* About this task: With the line containing "Definition is_subspace_C (A" as the start and the line containing "[/\ separates_points_closed A" as the end, transcribe that span of the entries below exactly, including both.

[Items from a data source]

·····

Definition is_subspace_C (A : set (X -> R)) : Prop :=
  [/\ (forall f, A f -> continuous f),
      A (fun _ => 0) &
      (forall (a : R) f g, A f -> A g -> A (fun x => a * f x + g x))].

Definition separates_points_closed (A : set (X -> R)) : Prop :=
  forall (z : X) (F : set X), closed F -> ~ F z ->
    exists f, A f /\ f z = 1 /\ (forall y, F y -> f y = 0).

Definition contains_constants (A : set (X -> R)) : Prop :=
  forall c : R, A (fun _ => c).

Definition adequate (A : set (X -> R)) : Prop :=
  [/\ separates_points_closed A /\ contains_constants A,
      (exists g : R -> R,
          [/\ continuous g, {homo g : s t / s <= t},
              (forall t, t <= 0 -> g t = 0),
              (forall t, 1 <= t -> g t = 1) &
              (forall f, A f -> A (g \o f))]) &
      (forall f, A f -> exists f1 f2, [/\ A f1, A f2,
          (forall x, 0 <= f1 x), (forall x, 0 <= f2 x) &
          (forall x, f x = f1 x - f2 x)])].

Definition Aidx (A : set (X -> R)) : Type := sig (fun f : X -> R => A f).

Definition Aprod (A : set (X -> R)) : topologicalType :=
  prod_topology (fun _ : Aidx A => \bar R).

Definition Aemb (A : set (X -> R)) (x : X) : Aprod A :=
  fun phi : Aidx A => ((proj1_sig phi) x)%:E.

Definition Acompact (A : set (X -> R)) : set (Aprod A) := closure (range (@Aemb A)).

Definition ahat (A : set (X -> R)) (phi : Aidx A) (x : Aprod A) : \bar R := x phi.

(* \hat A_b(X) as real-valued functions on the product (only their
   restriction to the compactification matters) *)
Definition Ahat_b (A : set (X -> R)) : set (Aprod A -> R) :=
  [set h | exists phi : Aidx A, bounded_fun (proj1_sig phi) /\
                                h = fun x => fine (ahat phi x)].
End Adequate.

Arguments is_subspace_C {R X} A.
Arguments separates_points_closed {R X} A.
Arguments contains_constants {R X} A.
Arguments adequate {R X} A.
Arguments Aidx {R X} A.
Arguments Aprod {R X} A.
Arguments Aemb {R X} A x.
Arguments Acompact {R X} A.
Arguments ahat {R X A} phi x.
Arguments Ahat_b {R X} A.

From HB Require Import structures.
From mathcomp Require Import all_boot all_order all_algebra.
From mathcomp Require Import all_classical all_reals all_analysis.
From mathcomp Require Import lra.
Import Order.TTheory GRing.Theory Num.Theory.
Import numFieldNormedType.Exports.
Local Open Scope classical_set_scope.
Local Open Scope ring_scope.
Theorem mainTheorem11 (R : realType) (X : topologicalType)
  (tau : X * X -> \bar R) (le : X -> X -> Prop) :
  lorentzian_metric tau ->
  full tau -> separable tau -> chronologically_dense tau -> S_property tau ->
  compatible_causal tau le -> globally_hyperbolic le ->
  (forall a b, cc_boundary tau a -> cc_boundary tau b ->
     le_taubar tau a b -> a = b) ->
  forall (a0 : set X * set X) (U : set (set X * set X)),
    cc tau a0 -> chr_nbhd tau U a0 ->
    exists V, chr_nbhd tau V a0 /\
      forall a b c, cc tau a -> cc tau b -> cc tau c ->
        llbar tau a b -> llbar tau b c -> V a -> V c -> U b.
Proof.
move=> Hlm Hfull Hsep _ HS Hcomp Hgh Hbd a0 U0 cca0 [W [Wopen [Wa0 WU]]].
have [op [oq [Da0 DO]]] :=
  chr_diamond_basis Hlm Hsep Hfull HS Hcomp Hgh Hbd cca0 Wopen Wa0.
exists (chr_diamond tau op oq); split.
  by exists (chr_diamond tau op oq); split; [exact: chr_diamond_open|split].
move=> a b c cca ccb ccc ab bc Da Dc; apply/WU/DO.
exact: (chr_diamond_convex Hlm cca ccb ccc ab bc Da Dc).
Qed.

·····

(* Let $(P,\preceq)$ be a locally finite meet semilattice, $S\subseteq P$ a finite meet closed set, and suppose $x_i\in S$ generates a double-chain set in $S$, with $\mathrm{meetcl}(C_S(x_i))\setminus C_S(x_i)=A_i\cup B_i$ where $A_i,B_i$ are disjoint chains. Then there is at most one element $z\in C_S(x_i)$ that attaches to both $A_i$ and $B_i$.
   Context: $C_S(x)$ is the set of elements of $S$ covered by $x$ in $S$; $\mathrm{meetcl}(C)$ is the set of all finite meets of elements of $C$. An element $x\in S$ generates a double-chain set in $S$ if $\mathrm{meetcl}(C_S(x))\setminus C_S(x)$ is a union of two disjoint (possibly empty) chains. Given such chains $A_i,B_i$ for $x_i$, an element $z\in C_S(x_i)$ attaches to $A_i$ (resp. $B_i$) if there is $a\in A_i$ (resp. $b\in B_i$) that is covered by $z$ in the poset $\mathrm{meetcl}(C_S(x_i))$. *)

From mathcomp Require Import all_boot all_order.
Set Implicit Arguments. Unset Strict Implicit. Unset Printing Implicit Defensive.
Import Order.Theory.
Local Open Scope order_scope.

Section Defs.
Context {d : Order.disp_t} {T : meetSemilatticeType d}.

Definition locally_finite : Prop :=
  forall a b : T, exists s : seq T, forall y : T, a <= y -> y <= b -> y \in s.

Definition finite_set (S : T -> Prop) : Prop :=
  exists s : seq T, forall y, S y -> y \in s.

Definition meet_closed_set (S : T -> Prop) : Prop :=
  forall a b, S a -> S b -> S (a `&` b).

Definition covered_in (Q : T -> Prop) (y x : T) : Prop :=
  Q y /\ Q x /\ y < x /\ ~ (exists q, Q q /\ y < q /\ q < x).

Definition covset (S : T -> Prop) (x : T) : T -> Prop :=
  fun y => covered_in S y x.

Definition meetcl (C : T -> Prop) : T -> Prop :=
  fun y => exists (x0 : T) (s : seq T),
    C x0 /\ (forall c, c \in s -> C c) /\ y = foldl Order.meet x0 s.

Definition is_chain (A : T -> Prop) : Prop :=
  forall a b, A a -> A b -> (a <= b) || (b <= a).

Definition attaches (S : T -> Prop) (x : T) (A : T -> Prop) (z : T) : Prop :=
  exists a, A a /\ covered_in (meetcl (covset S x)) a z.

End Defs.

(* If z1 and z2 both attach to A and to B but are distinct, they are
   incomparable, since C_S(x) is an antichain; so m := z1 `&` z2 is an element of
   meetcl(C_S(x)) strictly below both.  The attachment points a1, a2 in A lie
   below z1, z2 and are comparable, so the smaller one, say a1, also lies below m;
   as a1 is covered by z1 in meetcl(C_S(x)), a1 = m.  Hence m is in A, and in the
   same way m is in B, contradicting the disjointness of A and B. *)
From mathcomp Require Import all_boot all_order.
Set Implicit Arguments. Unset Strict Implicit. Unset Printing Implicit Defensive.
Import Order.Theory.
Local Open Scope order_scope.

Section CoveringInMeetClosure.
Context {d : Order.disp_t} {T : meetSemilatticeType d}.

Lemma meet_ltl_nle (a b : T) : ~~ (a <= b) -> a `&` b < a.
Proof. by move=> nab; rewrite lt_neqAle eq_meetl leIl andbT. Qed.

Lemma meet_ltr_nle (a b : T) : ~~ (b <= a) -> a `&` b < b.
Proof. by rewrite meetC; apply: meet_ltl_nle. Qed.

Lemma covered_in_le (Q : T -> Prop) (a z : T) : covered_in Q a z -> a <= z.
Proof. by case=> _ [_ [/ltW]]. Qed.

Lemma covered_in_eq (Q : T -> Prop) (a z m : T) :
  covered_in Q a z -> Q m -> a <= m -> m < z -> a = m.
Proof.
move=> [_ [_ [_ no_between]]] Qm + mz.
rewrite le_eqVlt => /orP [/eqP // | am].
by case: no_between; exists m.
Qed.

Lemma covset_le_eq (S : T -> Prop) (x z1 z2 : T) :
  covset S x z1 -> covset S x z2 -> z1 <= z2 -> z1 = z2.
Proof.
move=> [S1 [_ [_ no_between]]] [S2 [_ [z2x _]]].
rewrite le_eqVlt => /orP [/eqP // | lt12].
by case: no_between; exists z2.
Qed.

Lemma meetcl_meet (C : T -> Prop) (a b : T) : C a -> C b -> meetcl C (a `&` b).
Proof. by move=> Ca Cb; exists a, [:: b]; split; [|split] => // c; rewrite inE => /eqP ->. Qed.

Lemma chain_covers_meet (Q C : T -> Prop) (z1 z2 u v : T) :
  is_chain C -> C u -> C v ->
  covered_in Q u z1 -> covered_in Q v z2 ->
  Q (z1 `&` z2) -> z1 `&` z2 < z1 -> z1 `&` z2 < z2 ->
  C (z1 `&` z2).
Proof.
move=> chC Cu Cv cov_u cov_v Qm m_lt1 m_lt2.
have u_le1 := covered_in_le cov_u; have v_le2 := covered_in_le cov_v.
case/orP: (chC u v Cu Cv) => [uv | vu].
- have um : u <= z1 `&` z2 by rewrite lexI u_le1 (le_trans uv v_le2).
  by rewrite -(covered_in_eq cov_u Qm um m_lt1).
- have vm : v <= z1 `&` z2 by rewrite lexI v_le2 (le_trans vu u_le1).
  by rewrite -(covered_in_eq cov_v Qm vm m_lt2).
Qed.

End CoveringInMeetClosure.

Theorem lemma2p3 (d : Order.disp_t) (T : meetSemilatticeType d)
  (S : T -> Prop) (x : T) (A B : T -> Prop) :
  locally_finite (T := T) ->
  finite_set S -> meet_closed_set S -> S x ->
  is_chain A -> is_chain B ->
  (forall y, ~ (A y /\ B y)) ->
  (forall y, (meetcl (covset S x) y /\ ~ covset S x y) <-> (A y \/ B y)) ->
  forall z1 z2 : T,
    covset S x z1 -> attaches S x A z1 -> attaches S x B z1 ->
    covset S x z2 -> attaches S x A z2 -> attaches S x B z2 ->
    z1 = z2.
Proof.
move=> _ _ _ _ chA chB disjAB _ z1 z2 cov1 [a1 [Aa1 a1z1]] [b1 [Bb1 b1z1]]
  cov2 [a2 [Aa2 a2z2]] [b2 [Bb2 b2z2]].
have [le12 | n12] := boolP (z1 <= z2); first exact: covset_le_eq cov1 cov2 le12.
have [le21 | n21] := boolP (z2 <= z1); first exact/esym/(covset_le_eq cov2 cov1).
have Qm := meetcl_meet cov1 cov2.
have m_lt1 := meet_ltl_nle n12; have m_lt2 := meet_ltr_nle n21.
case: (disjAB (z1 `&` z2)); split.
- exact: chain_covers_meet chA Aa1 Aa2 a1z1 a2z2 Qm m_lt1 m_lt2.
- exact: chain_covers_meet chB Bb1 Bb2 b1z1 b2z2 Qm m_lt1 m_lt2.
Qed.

·····

* Task answer:
Definition is_subspace_C (A : set (X -> R)) : Prop :=
  [/\ (forall f, A f -> continuous f),
      A (fun _ => 0) &
      (forall (a : R) f g, A f -> A g -> A (fun x => a * f x + g x))].

Definition separates_points_closed (A : set (X -> R)) : Prop :=
  forall (z : X) (F : set X), closed F -> ~ F z ->
    exists f, A f /\ f z = 1 /\ (forall y, F y -> f y = 0).

Definition contains_constants (A : set (X -> R)) : Prop :=
  forall c : R, A (fun _ => c).

Definition adequate (A : set (X -> R)) : Prop :=
  [/\ separates_points_closed A /\ contains_constants A,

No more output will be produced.